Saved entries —
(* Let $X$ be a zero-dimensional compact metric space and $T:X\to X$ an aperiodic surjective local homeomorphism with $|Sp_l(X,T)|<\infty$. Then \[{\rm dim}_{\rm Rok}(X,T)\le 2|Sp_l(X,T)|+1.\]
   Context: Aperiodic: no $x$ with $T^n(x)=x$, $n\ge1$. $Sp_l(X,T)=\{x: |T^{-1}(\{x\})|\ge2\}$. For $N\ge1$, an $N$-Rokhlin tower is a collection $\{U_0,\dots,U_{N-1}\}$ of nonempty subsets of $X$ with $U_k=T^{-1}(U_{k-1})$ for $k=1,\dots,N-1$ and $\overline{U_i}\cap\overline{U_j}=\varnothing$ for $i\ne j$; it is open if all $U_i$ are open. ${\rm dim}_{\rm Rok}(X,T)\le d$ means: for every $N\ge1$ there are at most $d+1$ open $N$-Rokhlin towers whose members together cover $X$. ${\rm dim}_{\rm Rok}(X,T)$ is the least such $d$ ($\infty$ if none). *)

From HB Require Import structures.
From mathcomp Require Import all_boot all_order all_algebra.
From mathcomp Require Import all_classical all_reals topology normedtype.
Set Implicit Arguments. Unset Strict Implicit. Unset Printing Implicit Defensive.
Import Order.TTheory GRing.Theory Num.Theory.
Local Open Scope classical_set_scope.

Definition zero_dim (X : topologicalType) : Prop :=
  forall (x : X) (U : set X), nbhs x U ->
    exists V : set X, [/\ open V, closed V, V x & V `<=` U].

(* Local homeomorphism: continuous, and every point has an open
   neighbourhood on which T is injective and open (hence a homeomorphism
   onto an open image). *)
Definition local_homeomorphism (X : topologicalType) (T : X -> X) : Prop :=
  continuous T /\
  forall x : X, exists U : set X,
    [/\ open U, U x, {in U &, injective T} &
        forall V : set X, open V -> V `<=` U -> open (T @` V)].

---

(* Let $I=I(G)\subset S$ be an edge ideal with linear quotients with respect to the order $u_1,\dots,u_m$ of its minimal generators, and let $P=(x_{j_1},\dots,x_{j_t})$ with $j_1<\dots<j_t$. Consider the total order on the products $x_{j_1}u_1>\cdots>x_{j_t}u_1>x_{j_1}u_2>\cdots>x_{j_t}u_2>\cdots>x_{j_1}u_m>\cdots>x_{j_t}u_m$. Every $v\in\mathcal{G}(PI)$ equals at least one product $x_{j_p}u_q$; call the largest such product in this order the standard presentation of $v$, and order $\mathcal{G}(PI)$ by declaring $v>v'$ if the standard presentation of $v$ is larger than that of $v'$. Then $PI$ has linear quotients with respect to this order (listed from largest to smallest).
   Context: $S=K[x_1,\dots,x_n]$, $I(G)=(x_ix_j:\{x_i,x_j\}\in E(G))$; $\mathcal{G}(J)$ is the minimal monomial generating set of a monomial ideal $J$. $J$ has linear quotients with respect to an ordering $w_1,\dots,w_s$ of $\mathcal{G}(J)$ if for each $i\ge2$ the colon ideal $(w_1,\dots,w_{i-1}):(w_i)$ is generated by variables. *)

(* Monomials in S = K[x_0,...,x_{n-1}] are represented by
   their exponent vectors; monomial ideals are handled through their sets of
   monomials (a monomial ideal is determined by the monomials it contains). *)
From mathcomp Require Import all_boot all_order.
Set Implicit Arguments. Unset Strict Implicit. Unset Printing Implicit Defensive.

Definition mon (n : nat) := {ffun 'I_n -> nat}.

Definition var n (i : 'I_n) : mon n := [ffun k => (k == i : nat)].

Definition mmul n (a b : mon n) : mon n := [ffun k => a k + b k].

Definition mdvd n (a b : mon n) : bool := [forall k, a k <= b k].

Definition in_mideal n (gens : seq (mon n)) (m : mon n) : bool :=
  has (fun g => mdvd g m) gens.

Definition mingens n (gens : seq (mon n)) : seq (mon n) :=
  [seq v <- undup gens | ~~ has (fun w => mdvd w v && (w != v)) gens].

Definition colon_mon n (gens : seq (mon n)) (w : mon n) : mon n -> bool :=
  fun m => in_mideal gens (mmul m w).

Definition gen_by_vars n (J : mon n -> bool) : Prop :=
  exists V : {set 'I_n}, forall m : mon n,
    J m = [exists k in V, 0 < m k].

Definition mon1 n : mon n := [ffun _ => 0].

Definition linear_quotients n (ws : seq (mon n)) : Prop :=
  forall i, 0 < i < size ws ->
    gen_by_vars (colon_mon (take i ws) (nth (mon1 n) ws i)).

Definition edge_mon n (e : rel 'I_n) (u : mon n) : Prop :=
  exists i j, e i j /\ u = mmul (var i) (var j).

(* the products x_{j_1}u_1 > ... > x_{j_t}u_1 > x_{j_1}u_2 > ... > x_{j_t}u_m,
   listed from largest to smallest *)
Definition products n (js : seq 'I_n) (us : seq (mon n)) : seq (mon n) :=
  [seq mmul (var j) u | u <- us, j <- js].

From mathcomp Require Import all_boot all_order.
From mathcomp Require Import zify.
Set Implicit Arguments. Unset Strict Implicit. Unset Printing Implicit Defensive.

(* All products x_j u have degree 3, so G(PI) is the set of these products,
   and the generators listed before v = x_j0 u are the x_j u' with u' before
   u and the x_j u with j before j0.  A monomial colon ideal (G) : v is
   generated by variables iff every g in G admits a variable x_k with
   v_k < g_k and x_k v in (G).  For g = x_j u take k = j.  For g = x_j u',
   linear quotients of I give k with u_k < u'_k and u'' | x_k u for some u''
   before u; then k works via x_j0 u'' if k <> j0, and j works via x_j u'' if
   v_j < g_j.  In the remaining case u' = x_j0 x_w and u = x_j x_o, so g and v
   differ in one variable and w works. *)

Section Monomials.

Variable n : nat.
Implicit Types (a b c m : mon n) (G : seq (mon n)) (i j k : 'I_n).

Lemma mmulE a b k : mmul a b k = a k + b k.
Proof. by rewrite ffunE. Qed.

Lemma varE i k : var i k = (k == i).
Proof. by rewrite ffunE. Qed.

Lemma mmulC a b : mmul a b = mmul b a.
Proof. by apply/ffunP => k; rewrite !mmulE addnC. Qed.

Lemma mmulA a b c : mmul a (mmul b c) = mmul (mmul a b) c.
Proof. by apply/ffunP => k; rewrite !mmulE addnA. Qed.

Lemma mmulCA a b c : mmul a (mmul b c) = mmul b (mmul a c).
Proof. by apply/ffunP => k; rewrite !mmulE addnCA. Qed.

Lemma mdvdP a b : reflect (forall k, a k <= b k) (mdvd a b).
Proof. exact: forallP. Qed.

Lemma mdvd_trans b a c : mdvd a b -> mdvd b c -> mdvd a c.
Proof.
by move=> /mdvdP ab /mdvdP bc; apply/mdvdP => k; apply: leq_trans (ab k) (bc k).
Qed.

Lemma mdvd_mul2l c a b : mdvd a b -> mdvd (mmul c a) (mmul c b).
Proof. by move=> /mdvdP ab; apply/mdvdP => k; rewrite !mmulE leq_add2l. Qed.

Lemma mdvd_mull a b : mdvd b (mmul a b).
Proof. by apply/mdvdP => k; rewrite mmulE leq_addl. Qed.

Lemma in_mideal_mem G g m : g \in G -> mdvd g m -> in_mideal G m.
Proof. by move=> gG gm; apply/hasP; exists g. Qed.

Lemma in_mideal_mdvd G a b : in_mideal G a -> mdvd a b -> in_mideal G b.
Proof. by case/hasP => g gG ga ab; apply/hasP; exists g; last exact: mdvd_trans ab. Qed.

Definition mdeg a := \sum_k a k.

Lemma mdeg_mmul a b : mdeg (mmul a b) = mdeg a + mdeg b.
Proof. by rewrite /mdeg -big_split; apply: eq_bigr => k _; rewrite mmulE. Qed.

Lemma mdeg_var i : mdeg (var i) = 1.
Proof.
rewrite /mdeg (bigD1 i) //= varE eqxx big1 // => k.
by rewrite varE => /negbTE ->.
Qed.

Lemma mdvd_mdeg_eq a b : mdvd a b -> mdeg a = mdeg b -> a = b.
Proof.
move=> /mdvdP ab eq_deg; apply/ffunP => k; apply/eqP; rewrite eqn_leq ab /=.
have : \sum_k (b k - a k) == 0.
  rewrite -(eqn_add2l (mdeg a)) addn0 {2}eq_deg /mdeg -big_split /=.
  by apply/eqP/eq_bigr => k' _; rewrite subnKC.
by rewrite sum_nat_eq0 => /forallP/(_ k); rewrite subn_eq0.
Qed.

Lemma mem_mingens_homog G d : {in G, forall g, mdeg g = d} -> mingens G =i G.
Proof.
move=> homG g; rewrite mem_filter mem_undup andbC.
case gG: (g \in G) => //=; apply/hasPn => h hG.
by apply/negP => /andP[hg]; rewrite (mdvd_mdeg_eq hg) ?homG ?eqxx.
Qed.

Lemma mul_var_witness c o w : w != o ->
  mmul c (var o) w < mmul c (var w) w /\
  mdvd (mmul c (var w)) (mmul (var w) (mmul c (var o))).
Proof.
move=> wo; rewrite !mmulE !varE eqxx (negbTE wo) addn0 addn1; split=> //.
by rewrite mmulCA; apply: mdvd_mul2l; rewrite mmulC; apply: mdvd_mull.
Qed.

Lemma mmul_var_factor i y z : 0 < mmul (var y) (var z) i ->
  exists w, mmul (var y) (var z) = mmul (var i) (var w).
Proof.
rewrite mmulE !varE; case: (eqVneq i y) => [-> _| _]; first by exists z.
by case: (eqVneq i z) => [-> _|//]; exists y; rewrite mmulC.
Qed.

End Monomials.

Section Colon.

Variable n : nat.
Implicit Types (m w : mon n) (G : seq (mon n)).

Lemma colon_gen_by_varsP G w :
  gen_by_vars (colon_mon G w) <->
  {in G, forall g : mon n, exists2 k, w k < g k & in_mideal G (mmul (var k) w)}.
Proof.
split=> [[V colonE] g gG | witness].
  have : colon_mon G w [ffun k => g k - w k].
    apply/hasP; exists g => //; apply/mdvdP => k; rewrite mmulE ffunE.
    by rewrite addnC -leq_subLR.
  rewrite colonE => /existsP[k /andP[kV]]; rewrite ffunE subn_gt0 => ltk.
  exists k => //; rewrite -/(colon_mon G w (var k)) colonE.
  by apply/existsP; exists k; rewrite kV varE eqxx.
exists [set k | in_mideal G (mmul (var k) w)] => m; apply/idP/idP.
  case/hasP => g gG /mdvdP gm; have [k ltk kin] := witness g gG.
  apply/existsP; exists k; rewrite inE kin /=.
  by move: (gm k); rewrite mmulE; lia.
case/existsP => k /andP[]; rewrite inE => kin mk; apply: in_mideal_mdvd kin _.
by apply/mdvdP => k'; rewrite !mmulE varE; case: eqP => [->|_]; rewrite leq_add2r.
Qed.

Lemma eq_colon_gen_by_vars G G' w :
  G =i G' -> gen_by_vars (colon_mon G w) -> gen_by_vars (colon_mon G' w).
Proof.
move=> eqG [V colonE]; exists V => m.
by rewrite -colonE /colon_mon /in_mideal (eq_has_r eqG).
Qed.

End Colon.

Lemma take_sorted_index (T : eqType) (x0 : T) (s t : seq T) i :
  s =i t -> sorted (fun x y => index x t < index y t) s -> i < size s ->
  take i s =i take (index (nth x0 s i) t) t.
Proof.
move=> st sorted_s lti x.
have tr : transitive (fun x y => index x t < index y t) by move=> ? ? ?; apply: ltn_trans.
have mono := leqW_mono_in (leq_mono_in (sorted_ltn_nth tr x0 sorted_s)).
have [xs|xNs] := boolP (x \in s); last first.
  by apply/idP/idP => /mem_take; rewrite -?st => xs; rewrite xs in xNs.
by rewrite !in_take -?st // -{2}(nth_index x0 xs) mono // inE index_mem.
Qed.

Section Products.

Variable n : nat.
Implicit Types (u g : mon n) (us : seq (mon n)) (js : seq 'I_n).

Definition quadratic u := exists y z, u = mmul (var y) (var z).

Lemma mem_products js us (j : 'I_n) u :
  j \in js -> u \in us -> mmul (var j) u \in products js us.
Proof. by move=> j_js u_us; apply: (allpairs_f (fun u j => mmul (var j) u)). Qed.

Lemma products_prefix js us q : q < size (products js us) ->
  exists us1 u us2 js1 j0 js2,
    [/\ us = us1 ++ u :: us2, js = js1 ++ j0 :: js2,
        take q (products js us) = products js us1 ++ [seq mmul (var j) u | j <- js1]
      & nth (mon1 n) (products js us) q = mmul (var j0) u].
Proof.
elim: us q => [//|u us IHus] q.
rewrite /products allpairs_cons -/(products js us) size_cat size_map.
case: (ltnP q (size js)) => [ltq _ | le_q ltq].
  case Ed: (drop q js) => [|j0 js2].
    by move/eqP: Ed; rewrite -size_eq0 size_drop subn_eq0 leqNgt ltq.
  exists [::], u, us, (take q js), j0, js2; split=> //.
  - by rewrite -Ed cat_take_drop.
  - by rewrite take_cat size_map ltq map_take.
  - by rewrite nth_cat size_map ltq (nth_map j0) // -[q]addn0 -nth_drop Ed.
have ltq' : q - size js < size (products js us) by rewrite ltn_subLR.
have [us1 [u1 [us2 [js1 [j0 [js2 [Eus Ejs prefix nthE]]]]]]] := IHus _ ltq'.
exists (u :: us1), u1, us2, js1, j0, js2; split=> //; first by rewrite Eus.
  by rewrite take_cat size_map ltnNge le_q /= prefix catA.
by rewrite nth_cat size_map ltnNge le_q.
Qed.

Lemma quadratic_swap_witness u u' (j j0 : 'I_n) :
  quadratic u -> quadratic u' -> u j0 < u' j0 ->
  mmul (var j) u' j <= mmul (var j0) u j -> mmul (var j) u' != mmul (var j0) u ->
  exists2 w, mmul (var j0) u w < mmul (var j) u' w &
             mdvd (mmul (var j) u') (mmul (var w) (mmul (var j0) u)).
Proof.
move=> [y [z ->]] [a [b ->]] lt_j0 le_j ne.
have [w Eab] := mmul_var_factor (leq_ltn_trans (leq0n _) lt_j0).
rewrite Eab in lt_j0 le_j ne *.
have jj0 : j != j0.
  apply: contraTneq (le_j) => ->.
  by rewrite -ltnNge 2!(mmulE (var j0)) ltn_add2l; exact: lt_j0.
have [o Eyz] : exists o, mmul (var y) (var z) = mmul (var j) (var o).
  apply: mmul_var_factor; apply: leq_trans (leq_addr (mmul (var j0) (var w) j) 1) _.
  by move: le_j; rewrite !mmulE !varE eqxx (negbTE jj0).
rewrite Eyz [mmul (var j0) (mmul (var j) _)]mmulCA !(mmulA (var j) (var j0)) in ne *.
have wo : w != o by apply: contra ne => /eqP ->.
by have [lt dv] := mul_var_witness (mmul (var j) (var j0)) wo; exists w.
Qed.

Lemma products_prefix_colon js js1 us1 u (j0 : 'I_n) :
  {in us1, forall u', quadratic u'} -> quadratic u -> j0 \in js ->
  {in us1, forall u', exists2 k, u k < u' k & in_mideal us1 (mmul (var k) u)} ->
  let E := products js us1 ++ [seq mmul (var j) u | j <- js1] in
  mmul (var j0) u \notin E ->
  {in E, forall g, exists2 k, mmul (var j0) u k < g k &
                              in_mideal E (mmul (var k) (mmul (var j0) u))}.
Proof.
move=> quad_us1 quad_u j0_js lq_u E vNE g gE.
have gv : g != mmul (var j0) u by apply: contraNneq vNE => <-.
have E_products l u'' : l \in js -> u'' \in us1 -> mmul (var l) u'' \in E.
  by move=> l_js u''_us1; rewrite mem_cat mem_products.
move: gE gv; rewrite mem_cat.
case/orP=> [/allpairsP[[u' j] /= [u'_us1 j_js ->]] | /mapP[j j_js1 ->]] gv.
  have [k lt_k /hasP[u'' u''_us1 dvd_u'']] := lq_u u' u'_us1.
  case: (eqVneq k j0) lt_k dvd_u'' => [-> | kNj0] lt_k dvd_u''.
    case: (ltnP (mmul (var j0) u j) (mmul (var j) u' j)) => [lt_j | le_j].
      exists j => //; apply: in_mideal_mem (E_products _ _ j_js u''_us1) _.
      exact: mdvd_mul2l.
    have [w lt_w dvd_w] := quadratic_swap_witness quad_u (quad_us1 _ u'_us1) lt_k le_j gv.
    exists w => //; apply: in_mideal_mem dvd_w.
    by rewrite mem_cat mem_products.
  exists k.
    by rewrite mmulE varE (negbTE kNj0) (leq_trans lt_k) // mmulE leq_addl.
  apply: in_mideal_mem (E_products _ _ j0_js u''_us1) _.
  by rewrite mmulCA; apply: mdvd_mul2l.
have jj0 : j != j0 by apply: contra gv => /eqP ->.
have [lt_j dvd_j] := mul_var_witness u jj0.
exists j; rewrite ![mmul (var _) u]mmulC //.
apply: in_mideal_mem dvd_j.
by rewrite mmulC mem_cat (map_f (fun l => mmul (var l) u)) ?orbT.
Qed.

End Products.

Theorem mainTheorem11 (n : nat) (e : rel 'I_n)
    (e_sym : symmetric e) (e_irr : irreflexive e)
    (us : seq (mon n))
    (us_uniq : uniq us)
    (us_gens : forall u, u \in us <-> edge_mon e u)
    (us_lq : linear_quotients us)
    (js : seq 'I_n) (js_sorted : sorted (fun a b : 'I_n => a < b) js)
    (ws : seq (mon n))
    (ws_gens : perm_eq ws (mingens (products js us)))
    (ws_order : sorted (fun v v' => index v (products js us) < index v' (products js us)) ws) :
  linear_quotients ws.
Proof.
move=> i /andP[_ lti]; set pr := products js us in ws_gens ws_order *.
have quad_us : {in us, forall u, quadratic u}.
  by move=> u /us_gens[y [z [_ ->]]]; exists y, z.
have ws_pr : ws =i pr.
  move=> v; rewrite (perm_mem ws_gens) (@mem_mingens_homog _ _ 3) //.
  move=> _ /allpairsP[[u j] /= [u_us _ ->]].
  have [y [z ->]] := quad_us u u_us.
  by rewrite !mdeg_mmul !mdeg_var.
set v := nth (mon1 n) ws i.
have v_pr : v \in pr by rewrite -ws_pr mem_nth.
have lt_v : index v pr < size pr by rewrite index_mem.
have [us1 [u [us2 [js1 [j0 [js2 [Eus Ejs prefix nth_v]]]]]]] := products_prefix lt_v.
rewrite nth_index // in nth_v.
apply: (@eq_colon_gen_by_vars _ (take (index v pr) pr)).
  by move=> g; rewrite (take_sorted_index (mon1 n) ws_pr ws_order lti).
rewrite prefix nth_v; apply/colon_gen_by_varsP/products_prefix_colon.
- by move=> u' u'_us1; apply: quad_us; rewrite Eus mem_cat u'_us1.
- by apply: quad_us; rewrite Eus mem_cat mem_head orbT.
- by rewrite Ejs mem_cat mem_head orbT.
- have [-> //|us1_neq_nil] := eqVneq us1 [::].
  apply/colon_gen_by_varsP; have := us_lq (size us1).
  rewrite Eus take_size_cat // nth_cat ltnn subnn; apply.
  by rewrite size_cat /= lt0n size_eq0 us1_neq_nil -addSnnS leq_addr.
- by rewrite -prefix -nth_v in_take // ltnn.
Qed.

...

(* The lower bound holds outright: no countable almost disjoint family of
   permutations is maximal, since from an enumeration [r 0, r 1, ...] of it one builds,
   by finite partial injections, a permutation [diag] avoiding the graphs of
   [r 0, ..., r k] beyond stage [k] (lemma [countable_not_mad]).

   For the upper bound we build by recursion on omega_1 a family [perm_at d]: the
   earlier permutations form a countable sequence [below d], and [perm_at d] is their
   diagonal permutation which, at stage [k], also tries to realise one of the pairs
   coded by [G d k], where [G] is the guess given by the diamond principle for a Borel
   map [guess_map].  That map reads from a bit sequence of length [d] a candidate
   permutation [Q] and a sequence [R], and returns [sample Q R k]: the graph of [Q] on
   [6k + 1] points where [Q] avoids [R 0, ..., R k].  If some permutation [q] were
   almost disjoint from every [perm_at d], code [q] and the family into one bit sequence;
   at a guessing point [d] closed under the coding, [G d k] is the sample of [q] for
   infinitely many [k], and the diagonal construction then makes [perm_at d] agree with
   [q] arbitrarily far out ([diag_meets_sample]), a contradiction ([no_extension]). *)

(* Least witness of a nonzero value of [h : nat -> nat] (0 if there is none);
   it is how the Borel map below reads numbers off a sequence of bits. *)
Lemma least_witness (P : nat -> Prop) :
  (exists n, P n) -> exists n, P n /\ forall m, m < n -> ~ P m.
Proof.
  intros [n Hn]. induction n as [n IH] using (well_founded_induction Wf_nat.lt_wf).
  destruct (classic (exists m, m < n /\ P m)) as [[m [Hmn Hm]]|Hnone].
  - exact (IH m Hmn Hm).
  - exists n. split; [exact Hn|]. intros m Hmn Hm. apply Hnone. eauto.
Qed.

PROMPT — If a line in the entries contains "variables", copy it.

EXERCISE ANSWER —
   Context: $S=K[x_1,\dots,x_n]$, $I(G)=(x_ix_j:\{x_i,x_j\}\in E(G))$; $\mathcal{G}(J)$ is the minimal monomial generating set of a monomial ideal $J$. $J$ has linear quotients with respect to an ordering $w_1,\dots,w_s$ of $\mathcal{G}(J)$ if for each $i\ge2$ the colon ideal $(w_1,\dots,w_{i-1}):(w_i)$ is generated by variables. *)
   generated by variables iff every g in G admits a variable x_k with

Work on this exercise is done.